▸ TRY IT: Write out, word for word, every line from the one containing "(VInt (- z))" through the final line of the records.

Items from a dataset:

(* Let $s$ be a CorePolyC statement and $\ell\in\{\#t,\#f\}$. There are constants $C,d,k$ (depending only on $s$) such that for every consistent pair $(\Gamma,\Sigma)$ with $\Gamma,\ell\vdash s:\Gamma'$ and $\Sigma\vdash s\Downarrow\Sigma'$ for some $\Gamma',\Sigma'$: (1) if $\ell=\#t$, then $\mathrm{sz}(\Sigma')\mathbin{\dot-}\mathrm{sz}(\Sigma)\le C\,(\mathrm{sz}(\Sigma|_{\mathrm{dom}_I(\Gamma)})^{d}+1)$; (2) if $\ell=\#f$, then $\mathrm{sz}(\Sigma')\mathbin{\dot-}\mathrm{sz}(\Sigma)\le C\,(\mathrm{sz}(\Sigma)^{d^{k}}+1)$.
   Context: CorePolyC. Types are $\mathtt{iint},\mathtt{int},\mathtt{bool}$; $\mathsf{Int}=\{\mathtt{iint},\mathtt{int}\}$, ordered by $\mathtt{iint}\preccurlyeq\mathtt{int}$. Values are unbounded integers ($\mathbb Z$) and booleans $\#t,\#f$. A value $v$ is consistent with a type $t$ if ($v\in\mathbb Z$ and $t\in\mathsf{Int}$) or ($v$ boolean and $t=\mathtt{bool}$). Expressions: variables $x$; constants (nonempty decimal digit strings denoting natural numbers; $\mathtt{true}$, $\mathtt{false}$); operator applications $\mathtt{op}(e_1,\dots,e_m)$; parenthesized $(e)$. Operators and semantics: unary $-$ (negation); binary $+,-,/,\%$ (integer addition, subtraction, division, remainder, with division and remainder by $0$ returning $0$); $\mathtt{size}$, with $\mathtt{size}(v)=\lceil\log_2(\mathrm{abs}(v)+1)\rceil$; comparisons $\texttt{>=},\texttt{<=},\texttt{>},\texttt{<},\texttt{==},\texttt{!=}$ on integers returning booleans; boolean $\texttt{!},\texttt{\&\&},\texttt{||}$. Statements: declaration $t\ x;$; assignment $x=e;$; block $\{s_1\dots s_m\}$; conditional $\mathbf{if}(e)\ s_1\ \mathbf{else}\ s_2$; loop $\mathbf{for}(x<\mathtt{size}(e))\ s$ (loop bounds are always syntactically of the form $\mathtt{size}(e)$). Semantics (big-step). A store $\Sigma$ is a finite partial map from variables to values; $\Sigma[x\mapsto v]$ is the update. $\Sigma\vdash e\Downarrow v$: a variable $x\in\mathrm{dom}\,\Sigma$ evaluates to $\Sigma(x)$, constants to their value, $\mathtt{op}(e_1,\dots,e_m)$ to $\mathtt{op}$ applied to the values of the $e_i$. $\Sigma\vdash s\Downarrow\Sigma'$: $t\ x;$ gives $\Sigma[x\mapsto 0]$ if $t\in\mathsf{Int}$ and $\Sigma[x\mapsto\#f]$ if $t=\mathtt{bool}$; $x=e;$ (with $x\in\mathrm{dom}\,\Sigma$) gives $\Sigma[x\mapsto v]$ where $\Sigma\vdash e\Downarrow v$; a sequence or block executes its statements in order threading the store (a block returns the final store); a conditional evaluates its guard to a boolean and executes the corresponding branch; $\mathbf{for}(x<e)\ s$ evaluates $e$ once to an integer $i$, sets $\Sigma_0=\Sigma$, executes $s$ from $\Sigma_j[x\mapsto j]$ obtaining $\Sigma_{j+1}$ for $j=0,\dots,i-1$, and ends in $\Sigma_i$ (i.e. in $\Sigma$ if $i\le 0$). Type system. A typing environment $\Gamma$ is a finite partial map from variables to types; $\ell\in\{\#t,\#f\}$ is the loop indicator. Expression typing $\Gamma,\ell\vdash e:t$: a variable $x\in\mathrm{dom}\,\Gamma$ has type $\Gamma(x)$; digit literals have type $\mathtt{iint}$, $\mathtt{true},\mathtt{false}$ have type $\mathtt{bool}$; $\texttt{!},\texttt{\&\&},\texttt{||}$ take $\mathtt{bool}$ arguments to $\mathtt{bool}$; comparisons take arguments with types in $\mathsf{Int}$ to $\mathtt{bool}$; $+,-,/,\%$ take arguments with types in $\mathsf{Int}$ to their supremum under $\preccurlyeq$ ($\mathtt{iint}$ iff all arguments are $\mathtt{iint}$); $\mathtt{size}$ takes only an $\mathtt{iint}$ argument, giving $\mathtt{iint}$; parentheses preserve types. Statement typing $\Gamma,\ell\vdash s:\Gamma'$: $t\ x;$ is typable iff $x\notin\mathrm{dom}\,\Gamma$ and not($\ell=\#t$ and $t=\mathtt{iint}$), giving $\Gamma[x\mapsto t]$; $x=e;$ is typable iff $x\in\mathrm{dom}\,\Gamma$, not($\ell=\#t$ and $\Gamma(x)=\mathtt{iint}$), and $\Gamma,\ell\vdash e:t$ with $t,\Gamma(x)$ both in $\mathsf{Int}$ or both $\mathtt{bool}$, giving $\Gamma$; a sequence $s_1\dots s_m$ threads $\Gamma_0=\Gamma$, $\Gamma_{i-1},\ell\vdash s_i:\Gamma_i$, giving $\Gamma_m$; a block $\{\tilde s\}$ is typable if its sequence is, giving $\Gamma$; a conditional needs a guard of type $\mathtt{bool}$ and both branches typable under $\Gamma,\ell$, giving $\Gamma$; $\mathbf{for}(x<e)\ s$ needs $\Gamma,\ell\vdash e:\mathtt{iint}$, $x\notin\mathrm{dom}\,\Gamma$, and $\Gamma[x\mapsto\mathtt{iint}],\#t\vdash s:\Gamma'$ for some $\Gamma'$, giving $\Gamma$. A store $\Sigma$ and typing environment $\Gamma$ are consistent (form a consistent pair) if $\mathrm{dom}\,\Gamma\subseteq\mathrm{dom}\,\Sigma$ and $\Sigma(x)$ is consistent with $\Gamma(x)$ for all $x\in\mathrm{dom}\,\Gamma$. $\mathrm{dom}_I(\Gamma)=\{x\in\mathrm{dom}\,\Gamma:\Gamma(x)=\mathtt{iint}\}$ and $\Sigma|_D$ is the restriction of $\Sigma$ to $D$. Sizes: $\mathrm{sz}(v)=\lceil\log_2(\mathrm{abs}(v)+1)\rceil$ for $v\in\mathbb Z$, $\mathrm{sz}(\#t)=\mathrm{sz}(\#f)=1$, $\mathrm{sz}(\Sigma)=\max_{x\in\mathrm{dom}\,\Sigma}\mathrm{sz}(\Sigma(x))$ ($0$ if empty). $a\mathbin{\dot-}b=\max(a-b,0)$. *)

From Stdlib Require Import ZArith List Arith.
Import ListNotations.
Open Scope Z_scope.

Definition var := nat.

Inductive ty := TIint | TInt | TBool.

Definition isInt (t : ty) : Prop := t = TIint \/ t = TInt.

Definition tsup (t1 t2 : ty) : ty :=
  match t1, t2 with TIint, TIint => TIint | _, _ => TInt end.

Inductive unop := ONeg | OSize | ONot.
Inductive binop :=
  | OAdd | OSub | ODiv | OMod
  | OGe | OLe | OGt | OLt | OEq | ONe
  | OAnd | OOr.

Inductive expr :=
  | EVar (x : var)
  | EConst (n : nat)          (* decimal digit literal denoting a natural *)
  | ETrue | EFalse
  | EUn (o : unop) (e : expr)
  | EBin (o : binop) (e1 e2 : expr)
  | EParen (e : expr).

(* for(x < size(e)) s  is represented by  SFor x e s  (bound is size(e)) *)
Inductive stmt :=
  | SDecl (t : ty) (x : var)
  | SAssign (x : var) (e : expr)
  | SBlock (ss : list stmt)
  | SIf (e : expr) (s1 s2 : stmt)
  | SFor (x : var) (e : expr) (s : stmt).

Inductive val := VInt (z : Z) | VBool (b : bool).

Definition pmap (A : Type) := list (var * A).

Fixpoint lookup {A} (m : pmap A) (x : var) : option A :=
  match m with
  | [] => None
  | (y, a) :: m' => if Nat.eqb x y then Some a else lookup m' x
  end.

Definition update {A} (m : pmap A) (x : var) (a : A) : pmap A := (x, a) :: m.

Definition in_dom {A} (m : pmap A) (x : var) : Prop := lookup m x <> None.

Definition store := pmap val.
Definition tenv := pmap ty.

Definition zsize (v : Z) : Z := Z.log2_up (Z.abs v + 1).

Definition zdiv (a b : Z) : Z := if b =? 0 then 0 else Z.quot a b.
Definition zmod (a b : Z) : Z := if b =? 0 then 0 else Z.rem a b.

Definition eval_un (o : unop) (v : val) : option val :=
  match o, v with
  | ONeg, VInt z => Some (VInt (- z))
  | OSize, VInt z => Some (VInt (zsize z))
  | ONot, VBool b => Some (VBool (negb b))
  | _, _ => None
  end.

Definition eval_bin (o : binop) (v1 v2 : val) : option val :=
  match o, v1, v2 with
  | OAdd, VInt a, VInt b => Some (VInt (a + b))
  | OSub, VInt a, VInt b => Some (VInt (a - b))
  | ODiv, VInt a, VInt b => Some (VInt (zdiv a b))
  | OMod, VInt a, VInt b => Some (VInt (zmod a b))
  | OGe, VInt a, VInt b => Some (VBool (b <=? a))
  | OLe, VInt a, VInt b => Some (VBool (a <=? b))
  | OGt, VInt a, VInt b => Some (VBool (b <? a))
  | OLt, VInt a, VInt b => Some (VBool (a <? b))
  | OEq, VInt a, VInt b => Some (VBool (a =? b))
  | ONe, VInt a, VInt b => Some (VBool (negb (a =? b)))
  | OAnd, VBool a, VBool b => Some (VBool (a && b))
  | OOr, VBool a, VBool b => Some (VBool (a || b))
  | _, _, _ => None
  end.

▸ FINISHED EXERCISE:
  | ONeg, VInt z => Some (VInt (- z))
  | OSize, VInt z => Some (VInt (zsize z))
  | ONot, VBool b => Some (VBool (negb b))
  | _, _ => None
  end.

Definition eval_bin (o : binop) (v1 v2 : val) : option val :=
  match o, v1, v2 with
  | OAdd, VInt a, VInt b => Some (VInt (a + b))
  | OSub, VInt a, VInt b => Some (VInt (a - b))
  | ODiv, VInt a, VInt b => Some (VInt (zdiv a b))
  | OMod, VInt a, VInt b => Some (VInt (zmod a b))
  | OGe, VInt a, VInt b => Some (VBool (b <=? a))
  | OLe, VInt a, VInt b => Some (VBool (a <=? b))
  | OGt, VInt a, VInt b => Some (VBool (b <? a))
  | OLt, VInt a, VInt b => Some (VBool (a <? b))
  | OEq, VInt a, VInt b => Some (VBool (a =? b))
  | ONe, VInt a, VInt b => Some (VBool (negb (a =? b)))
  | OAnd, VBool a, VBool b => Some (VBool (a && b))
  | OOr, VBool a, VBool b => Some (VBool (a || b))
  | _, _, _ => None
  end.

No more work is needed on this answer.